(DATA FOR REVIEW begins)

(* Let $[\alpha]_{K\times K}\in\mathcal A_{\mathrm{SLS}}$. Then for every subset $S\subseteq[K]$ there exists a p-optimal cyclic partition of $S$, i.e., disjoint cycles $\pi_1,\dots,\pi_n$ with $\bigcup_{l=1}^n\{\pi_l\}=S$ and $\mathcal D_{\Sigma,\mathrm{P\text{-}TIN}}(S)=\Delta_{\pi_1}+\cdots+\Delta_{\pi_n}$.
   Context: $[\alpha]_{K\times K}$ is a matrix of nonnegative reals. SLS regime: $\mathcal A_{\mathrm{SLS}}=\{[\alpha]\in\mathbb R_+^{K\times K}:\ \alpha_{ii}\ge\max(\alpha_{ij},\alpha_{ki},\alpha_{ik}+\alpha_{ji}-\alpha_{jk})\ \forall i,j,k\in[K],\ i\notin\{j,k\}\}$. Cycles: a cycle $\pi=(i_1\to\cdots\to i_M)$, $M\ge1$, is an ordered list of distinct indices of $[K]$, read cyclically ($i_{M+1}=i_1$); $\{\pi\}=\{i_1,\dots,i_M\}$; $\Pi$ is the set of all cycles; cycles are disjoint if their sets are disjoint; a cyclic partition of $S$ is a collection of disjoint cycles whose sets have union $S$. $\delta_{ij}=\alpha_{ii}-\alpha_{ji}$ ($i\neq j$), $\delta_{ii}=0$; $\Delta_\pi=\sum_{m=1}^M\delta_{i_mi_{m+1}}$ if $M>1$, $\Delta_\pi=\alpha_{i_1i_1}$ if $M=1$. For $S\subseteq[K]$, $\mathcal D_{\mathrm{P\text{-}TIN}}(S)=\{(d_k)_{k\in[K]}\in\mathbb R^K: d_k=0\ (k\notin S),\ d_k\ge0\ (k\in S),\ \sum_{k\in\{\pi\}}d_k\le\Delta_\pi\ \forall \pi\in\Pi \text{ with } \{\pi\}\subseteq S\}$, and $\mathcal D_{\Sigma,\mathrm{P\text{-}TIN}}(S)=\max_{d\in\mathcal D_{\mathrm{P\text{-}TIN}}(S)}\sum_{k\in S}d_k$. *)

(* Scalars: an arbitrary real field R (the paper uses the reals;
   the statement is purely order-theoretic/linear, so this is a generalization). *)
From HB Require Import structures.
From mathcomp Require Import all_boot all_order all_algebra.
Set Implicit Arguments. Unset Strict Implicit. Unset Printing Implicit Defensive.
Import Order.TTheory GRing.Theory Num.Theory.
Local Open Scope ring_scope.

Definition in_A_SLS (R : realFieldType) (K : nat) (alpha : 'M[R]_K) : Prop :=
  (forall i j : 'I_K, 0 <= alpha i j) /\
  (forall i j k : 'I_K, i != j -> i != k ->
     [/\ alpha i j <= alpha i i, alpha k i <= alpha i i
       & alpha i k + alpha j i - alpha j k <= alpha i i]).

Definition delta (R : realFieldType) (K : nat) (alpha : 'M[R]_K) (i j : 'I_K) : R :=
  if i == j then 0 else alpha i i - alpha j i.

(* A cycle pi = (i_1 -> ... -> i_M), M >= 1: a nonempty duplicate-free list of
   indices, read cyclically; its set {pi} is the set of its entries. *)
Definition is_cycle (K : nat) (c : seq 'I_K) : bool := (0 < size c)%N && uniq c.

Definition Delta (R : realFieldType) (K : nat) (alpha : 'M[R]_K) (c : seq 'I_K) : R :=
  match c with
  | [:: i] => alpha i i
  | _ => \sum_(i <- c) delta alpha i (next c i)
  end.

Definition in_D_PTIN (R : realFieldType) (K : nat) (alpha : 'M[R]_K)
    (S : {set 'I_K}) (d : 'I_K -> R) : Prop :=
  [/\ forall k, k \notin S -> d k = 0,
      forall k, k \in S -> 0 <= d k
    & forall c : seq 'I_K, is_cycle c -> {subset c <= S} ->
        \sum_(k <- c) d k <= Delta alpha c].

(* v = D_{Sigma,P-TIN}(S) = max_{d in D_{P-TIN}(S)} sum_{k in S} d_k :
   the maximum is attained and equals v. *)
Definition is_DSigma_PTIN (R : realFieldType) (K : nat) (alpha : 'M[R]_K)
    (S : {set 'I_K}) (v : R) : Prop :=
  (exists2 d, in_D_PTIN alpha S d & \sum_(k in S) d k = v) /\
  (forall d, in_D_PTIN alpha S d -> \sum_(k in S) d k <= v).

(* Disjointness of the (nonempty, duplicate-free) cycles in
   the collection is expressed as: the concatenation has no repetitions. *)
Definition cyclic_partition (K : nat) (S : {set 'I_K}) (P : seq (seq 'I_K)) : Prop :=
  [/\ all (@is_cycle K) P, uniq (flatten P) & S = [set k | k \in flatten P]].

(* Let gamma i j be the cost of an arc i -> j in a cycle: delta_ij, or alpha_ii
   for a loop, so that Delta_pi is the sum of gamma around pi.  A permutation s
   supported on S with minimal cost sum_(i in S) gamma i (s i) yields, through
   its cycles, a cyclic partition of S whose value is that cost, and every d in
   D_P-TIN(S) sums to at most the value of any cyclic partition.  For the
   converse we construct the dual solution of this assignment problem: the
   minimality of s means that the reduced costs have no negative cycle, so
   shortest-path potentials q exist, and d_i = gamma i (s i) + q_i - q_(s i)
   satisfies every cycle constraint and sums to the cost of s.  It is
   nonnegative because the SLS conditions say precisely that gamma satisfies
   the triangle inequality gamma m h <= gamma m i + gamma i h for m != h. *)

From HB Require Import structures.
From mathcomp Require Import all_boot all_order all_algebra.
From mathcomp Require Import fingroup perm.
From mathcomp Require Import lra.
Set Implicit Arguments. Unset Strict Implicit. Unset Printing Implicit Defensive.
Import Order.TTheory GRing.Theory Num.Theory.
Local Open Scope ring_scope.

Lemma next_notin (T : eqType) (p : seq T) x : x \notin p -> next p x = x.
Proof. by move=> xNp; rewrite next_nth (negbTE xNp). Qed.

Lemma next_neq (T : eqType) (p : seq T) x :
  uniq p -> (1 < size p)%N -> x \in p -> next p x != x.
Proof.
move=> Up p_gt1 /rot_to[n q pq]; rewrite -(next_rot n Up) pq.
have : uniq (x :: q) by rewrite -pq rot_uniq.
have : (1 < size (x :: q))%N by rewrite -pq size_rot.
case: q {pq} => [|y q] //= _ /andP[xNyq _]; rewrite eqxx.
by apply: contraNneq xNyq => ->; rewrite mem_head.
Qed.

Lemma perm_eq_map_next (T : eqType) (p : seq T) :
  uniq p -> perm_eq (map (next p) p) p.
Proof.
move=> Up; apply: uniq_perm => //.
  by rewrite (map_inj_uniq (can_inj (prev_next Up))).
move=> x; apply/mapP/idP => [[y yp ->] | xp]; first by rewrite mem_next.
by exists (prev p x); rewrite ?mem_prev ?next_prev.
Qed.

Definition uniq_seqs (T : finType) : seq (seq T) :=
  flatten [seq permutations (enum A) | A : {set T}].

Lemma mem_uniq_seqs (T : finType) (p : seq T) : (p \in uniq_seqs T) = uniq p.
Proof.
apply/flattenP/idP => [[_ /mapP[A _ ->]] | Up].
  by rewrite mem_permutations => /perm_uniq ->; exact: enum_uniq.
exists (permutations (enum [set x in p])); first by apply: map_f; rewrite mem_enum.
rewrite mem_permutations uniq_perm ?enum_uniq // => x.
by rewrite mem_enum inE.
Qed.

(DATA FOR REVIEW ends)

## WHAT IS NEEDED
Reproduce all the entries above. Match them exactly.

## SOLUTION BELOW
(* Let $[\alpha]_{K\times K}\in\mathcal A_{\mathrm{SLS}}$. Then for every subset $S\subseteq[K]$ there exists a p-optimal cyclic partition of $S$, i.e., disjoint cycles $\pi_1,\dots,\pi_n$ with $\bigcup_{l=1}^n\{\pi_l\}=S$ and $\mathcal D_{\Sigma,\mathrm{P\text{-}TIN}}(S)=\Delta_{\pi_1}+\cdots+\Delta_{\pi_n}$.
   Context: $[\alpha]_{K\times K}$ is a matrix of nonnegative reals. SLS regime: $\mathcal A_{\mathrm{SLS}}=\{[\alpha]\in\mathbb R_+^{K\times K}:\ \alpha_{ii}\ge\max(\alpha_{ij},\alpha_{ki},\alpha_{ik}+\alpha_{ji}-\alpha_{jk})\ \forall i,j,k\in[K],\ i\notin\{j,k\}\}$. Cycles: a cycle $\pi=(i_1\to\cdots\to i_M)$, $M\ge1$, is an ordered list of distinct indices of $[K]$, read cyclically ($i_{M+1}=i_1$); $\{\pi\}=\{i_1,\dots,i_M\}$; $\Pi$ is the set of all cycles; cycles are disjoint if their sets are disjoint; a cyclic partition of $S$ is a collection of disjoint cycles whose sets have union $S$. $\delta_{ij}=\alpha_{ii}-\alpha_{ji}$ ($i\neq j$), $\delta_{ii}=0$; $\Delta_\pi=\sum_{m=1}^M\delta_{i_mi_{m+1}}$ if $M>1$, $\Delta_\pi=\alpha_{i_1i_1}$ if $M=1$. For $S\subseteq[K]$, $\mathcal D_{\mathrm{P\text{-}TIN}}(S)=\{(d_k)_{k\in[K]}\in\mathbb R^K: d_k=0\ (k\notin S),\ d_k\ge0\ (k\in S),\ \sum_{k\in\{\pi\}}d_k\le\Delta_\pi\ \forall \pi\in\Pi \text{ with } \{\pi\}\subseteq S\}$, and $\mathcal D_{\Sigma,\mathrm{P\text{-}TIN}}(S)=\max_{d\in\mathcal D_{\mathrm{P\text{-}TIN}}(S)}\sum_{k\in S}d_k$. *)

(* Scalars: an arbitrary real field R (the paper uses the reals;
   the statement is purely order-theoretic/linear, so this is a generalization). *)
From HB Require Import structures.
From mathcomp Require Import all_boot all_order all_algebra.
Set Implicit Arguments. Unset Strict Implicit. Unset Printing Implicit Defensive.
Import Order.TTheory GRing.Theory Num.Theory.
Local Open Scope ring_scope.

Definition in_A_SLS (R : realFieldType) (K : nat) (alpha : 'M[R]_K) : Prop :=
  (forall i j : 'I_K, 0 <= alpha i j) /\
  (forall i j k : 'I_K, i != j -> i != k ->
     [/\ alpha i j <= alpha i i, alpha k i <= alpha i i
       & alpha i k + alpha j i - alpha j k <= alpha i i]).

Definition delta (R : realFieldType) (K : nat) (alpha : 'M[R]_K) (i j : 'I_K) : R :=
  if i == j then 0 else alpha i i - alpha j i.

(* A cycle pi = (i_1 -> ... -> i_M), M >= 1: a nonempty duplicate-free list of
   indices, read cyclically; its set {pi} is the set of its entries. *)
Definition is_cycle (K : nat) (c : seq 'I_K) : bool := (0 < size c)%N && uniq c.

Definition Delta (R : realFieldType) (K : nat) (alpha : 'M[R]_K) (c : seq 'I_K) : R :=
  match c with
  | [:: i] => alpha i i
  | _ => \sum_(i <- c) delta alpha i (next c i)
  end.

Definition in_D_PTIN (R : realFieldType) (K : nat) (alpha : 'M[R]_K)
    (S : {set 'I_K}) (d : 'I_K -> R) : Prop :=
  [/\ forall k, k \notin S -> d k = 0,
      forall k, k \in S -> 0 <= d k
    & forall c : seq 'I_K, is_cycle c -> {subset c <= S} ->
        \sum_(k <- c) d k <= Delta alpha c].

(* v = D_{Sigma,P-TIN}(S) = max_{d in D_{P-TIN}(S)} sum_{k in S} d_k :
   the maximum is attained and equals v. *)
Definition is_DSigma_PTIN (R : realFieldType) (K : nat) (alpha : 'M[R]_K)
    (S : {set 'I_K}) (v : R) : Prop :=
  (exists2 d, in_D_PTIN alpha S d & \sum_(k in S) d k = v) /\
  (forall d, in_D_PTIN alpha S d -> \sum_(k in S) d k <= v).

(* Disjointness of the (nonempty, duplicate-free) cycles in
   the collection is expressed as: the concatenation has no repetitions. *)
Definition cyclic_partition (K : nat) (S : {set 'I_K}) (P : seq (seq 'I_K)) : Prop :=
  [/\ all (@is_cycle K) P, uniq (flatten P) & S = [set k | k \in flatten P]].

(* Let gamma i j be the cost of an arc i -> j in a cycle: delta_ij, or alpha_ii
   for a loop, so that Delta_pi is the sum of gamma around pi.  A permutation s
   supported on S with minimal cost sum_(i in S) gamma i (s i) yields, through
   its cycles, a cyclic partition of S whose value is that cost, and every d in
   D_P-TIN(S) sums to at most the value of any cyclic partition.  For the
   converse we construct the dual solution of this assignment problem: the
   minimality of s means that the reduced costs have no negative cycle, so
   shortest-path potentials q exist, and d_i = gamma i (s i) + q_i - q_(s i)
   satisfies every cycle constraint and sums to the cost of s.  It is
   nonnegative because the SLS conditions say precisely that gamma satisfies
   the triangle inequality gamma m h <= gamma m i + gamma i h for m != h. *)

From HB Require Import structures.
From mathcomp Require Import all_boot all_order all_algebra.
From mathcomp Require Import fingroup perm.
From mathcomp Require Import lra.
Set Implicit Arguments. Unset Strict Implicit. Unset Printing Implicit Defensive.
Import Order.TTheory GRing.Theory Num.Theory.
Local Open Scope ring_scope.

Lemma next_notin (T : eqType) (p : seq T) x : x \notin p -> next p x = x.
Proof. by move=> xNp; rewrite next_nth (negbTE xNp). Qed.

Lemma next_neq (T : eqType) (p : seq T) x :
  uniq p -> (1 < size p)%N -> x \in p -> next p x != x.
Proof.
move=> Up p_gt1 /rot_to[n q pq]; rewrite -(next_rot n Up) pq.
have : uniq (x :: q) by rewrite -pq rot_uniq.
have : (1 < size (x :: q))%N by rewrite -pq size_rot.
case: q {pq} => [|y q] //= _ /andP[xNyq _]; rewrite eqxx.
by apply: contraNneq xNyq => ->; rewrite mem_head.
Qed.

Lemma perm_eq_map_next (T : eqType) (p : seq T) :
  uniq p -> perm_eq (map (next p) p) p.
Proof.
move=> Up; apply: uniq_perm => //.
  by rewrite (map_inj_uniq (can_inj (prev_next Up))).
move=> x; apply/mapP/idP => [[y yp ->] | xp]; first by rewrite mem_next.
by exists (prev p x); rewrite ?mem_prev ?next_prev.
Qed.

Definition uniq_seqs (T : finType) : seq (seq T) :=
  flatten [seq permutations (enum A) | A : {set T}].

Lemma mem_uniq_seqs (T : finType) (p : seq T) : (p \in uniq_seqs T) = uniq p.
Proof.
apply/flattenP/idP => [[_ /mapP[A _ ->]] | Up].
  by rewrite mem_permutations => /perm_uniq ->; exact: enum_uniq.
exists (permutations (enum [set x in p])); first by apply: map_f; rewrite mem_enum.
rewrite mem_permutations uniq_perm ?enum_uniq // => x.
by rewrite mem_enum inE.
Qed.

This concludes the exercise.